● **Problem to solve**
Count lines holding the string "andP" in the data that follows. Reply with one number only.

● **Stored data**
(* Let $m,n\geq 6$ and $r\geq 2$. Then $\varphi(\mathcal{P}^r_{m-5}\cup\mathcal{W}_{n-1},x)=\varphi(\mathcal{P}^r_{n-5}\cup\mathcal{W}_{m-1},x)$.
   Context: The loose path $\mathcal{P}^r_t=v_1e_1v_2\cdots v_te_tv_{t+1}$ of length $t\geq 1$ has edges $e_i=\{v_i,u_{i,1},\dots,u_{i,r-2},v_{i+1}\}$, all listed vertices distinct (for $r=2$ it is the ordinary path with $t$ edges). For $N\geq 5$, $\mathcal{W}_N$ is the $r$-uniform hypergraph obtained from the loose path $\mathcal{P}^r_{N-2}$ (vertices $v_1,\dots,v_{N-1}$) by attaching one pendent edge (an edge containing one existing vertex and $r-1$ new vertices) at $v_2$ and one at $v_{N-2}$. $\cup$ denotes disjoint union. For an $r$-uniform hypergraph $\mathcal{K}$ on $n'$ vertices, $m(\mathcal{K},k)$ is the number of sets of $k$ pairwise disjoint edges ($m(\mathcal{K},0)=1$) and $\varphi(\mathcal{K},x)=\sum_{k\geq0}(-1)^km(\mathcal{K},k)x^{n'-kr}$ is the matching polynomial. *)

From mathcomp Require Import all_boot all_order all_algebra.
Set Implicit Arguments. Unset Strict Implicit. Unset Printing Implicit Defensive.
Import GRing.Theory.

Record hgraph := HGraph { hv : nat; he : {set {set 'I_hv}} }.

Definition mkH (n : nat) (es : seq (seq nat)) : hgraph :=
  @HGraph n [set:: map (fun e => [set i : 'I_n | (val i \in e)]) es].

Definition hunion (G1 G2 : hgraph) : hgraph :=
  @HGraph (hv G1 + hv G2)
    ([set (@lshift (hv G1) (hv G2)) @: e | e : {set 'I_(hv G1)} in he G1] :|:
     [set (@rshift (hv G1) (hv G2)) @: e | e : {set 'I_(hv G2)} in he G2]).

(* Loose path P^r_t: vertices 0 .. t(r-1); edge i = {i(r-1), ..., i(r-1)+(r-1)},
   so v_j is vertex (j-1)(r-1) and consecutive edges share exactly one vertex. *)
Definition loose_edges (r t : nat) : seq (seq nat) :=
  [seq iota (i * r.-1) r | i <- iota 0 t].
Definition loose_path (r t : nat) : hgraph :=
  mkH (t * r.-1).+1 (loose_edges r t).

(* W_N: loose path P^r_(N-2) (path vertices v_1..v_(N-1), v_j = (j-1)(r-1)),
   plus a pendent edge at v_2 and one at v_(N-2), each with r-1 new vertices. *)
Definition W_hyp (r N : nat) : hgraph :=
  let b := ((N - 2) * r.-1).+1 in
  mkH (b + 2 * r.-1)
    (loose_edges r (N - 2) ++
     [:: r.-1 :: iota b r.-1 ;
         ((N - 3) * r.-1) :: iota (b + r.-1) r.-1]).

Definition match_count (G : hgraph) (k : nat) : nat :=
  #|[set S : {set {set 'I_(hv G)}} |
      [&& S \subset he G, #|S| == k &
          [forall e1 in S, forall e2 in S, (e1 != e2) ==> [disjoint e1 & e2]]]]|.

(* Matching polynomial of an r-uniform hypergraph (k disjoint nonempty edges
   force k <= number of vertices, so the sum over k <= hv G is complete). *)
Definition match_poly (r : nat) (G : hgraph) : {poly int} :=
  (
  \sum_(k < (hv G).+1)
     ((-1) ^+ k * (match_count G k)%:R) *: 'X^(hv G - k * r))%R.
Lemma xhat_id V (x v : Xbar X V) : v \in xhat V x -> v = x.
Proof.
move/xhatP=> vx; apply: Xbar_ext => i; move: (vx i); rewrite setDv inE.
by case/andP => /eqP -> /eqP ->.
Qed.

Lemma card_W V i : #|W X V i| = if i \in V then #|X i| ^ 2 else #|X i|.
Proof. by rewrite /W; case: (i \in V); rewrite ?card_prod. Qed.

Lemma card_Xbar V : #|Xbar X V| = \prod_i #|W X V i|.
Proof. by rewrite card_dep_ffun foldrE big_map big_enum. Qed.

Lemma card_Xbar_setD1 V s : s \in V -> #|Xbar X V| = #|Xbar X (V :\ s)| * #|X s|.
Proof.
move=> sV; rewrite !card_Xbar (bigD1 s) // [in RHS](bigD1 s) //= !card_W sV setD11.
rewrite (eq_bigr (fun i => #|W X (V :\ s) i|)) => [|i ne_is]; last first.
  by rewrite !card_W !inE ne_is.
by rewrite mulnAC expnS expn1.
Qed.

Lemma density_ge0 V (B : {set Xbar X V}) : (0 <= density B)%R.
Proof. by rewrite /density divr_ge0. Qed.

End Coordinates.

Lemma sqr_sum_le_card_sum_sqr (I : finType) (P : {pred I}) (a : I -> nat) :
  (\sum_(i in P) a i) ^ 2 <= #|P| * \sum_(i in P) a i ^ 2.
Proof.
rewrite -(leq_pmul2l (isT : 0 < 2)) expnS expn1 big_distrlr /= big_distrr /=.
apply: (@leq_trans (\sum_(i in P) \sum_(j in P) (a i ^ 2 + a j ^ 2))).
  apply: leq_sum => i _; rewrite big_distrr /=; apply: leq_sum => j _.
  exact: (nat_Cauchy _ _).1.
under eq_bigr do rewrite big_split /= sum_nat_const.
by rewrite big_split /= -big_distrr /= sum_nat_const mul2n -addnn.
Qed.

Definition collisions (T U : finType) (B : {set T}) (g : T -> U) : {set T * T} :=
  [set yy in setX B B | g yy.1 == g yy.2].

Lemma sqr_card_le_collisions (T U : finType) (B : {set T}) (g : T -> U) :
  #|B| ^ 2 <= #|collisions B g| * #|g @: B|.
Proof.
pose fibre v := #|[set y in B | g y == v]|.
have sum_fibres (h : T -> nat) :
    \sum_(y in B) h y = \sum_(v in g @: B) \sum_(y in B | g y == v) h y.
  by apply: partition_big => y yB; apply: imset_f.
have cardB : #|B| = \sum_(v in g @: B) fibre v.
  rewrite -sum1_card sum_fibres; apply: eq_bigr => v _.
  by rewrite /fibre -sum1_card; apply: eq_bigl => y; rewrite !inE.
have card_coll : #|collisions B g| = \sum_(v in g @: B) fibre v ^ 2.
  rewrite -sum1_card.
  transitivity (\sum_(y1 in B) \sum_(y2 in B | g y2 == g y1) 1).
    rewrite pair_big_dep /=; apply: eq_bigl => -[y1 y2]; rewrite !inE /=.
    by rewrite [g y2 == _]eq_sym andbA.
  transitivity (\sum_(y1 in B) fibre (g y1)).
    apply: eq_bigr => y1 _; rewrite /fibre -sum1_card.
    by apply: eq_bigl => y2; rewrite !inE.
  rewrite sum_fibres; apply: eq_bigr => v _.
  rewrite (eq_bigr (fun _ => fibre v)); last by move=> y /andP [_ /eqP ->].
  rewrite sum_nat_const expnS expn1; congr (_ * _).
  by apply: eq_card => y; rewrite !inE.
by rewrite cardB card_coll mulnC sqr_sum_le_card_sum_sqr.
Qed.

==

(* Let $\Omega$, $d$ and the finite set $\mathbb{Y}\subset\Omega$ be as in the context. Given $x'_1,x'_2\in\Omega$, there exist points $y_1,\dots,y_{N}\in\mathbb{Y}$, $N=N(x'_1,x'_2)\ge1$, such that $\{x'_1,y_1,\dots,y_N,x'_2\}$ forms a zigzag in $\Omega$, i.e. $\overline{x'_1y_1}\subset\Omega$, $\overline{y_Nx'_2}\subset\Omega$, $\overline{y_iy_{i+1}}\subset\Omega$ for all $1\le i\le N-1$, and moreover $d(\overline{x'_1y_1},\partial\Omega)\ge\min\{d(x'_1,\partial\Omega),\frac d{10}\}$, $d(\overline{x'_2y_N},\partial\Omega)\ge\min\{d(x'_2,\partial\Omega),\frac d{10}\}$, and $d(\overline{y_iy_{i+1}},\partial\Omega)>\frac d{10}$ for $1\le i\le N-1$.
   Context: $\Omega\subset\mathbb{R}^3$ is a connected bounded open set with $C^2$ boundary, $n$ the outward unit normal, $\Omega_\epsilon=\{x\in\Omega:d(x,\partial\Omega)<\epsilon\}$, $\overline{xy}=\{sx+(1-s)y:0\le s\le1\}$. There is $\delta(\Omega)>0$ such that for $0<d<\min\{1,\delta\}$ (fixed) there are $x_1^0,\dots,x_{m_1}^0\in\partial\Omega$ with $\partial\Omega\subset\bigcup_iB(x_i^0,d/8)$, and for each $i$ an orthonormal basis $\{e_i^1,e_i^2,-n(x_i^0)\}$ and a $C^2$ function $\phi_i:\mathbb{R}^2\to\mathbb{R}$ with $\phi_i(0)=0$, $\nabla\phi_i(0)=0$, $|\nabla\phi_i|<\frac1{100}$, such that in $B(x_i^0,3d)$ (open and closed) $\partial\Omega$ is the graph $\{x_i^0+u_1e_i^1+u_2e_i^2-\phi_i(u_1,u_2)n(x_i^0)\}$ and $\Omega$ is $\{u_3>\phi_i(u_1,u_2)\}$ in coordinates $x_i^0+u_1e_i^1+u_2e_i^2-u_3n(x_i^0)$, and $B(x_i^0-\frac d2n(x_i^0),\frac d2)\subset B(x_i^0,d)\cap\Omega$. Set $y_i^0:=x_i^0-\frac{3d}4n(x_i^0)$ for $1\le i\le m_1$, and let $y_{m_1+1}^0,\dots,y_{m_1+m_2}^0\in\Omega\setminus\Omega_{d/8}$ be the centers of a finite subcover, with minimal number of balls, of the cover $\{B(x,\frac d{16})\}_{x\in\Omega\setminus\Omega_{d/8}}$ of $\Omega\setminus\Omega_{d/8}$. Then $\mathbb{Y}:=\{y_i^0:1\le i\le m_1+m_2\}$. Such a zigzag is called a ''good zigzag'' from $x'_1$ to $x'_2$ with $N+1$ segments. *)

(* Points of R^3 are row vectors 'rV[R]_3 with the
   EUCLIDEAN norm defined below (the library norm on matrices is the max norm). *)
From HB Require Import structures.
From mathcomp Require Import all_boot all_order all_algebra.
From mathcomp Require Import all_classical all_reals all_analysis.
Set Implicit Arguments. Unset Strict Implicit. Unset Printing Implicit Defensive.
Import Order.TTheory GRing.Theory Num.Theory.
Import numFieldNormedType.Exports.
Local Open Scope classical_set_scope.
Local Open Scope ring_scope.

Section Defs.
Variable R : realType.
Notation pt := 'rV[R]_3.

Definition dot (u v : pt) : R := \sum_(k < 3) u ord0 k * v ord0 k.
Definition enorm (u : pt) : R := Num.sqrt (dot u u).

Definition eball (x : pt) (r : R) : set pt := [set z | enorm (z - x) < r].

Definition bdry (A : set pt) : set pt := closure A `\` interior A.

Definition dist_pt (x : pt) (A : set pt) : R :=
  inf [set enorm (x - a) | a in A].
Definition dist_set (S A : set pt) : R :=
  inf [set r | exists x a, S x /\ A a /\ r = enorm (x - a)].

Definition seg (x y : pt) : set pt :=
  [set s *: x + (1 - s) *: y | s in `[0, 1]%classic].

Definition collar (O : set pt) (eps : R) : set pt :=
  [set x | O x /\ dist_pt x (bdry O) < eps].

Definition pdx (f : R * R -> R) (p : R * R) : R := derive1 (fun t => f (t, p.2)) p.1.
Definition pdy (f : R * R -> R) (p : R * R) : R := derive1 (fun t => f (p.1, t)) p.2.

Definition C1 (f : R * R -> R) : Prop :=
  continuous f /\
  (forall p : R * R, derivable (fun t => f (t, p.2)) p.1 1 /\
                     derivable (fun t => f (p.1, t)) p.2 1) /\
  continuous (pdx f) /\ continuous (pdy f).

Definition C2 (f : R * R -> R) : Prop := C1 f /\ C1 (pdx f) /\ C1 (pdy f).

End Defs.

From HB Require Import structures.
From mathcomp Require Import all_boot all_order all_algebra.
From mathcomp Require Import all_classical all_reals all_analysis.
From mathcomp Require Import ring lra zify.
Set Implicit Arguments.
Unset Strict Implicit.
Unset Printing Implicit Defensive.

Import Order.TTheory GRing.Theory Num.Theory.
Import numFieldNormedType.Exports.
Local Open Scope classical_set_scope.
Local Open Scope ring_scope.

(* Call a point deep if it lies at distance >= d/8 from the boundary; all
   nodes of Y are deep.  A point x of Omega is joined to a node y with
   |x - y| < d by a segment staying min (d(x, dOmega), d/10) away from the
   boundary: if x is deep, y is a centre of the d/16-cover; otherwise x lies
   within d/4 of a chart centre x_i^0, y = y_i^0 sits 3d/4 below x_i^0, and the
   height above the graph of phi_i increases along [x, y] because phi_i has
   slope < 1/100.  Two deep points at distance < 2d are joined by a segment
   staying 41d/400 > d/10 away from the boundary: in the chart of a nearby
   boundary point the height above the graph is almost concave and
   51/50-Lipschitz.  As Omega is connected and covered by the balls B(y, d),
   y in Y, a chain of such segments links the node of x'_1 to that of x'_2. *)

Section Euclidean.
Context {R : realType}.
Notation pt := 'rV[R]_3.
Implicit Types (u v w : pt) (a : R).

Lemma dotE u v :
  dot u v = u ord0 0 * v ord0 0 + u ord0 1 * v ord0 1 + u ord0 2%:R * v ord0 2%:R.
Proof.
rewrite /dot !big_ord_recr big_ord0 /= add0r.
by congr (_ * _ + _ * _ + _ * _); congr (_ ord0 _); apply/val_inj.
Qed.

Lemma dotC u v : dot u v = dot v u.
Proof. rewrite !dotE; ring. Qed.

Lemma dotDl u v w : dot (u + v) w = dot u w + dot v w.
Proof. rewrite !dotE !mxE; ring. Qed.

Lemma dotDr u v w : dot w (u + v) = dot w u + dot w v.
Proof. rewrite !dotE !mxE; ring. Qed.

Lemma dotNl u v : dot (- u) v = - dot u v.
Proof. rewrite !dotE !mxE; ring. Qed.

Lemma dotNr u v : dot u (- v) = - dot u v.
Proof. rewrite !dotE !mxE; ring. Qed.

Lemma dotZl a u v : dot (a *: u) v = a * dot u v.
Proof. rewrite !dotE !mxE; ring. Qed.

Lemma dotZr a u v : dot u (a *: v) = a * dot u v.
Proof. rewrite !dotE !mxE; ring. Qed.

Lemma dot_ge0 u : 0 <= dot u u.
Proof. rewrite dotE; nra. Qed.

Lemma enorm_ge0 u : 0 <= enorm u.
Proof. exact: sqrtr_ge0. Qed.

● **Result of the task**
2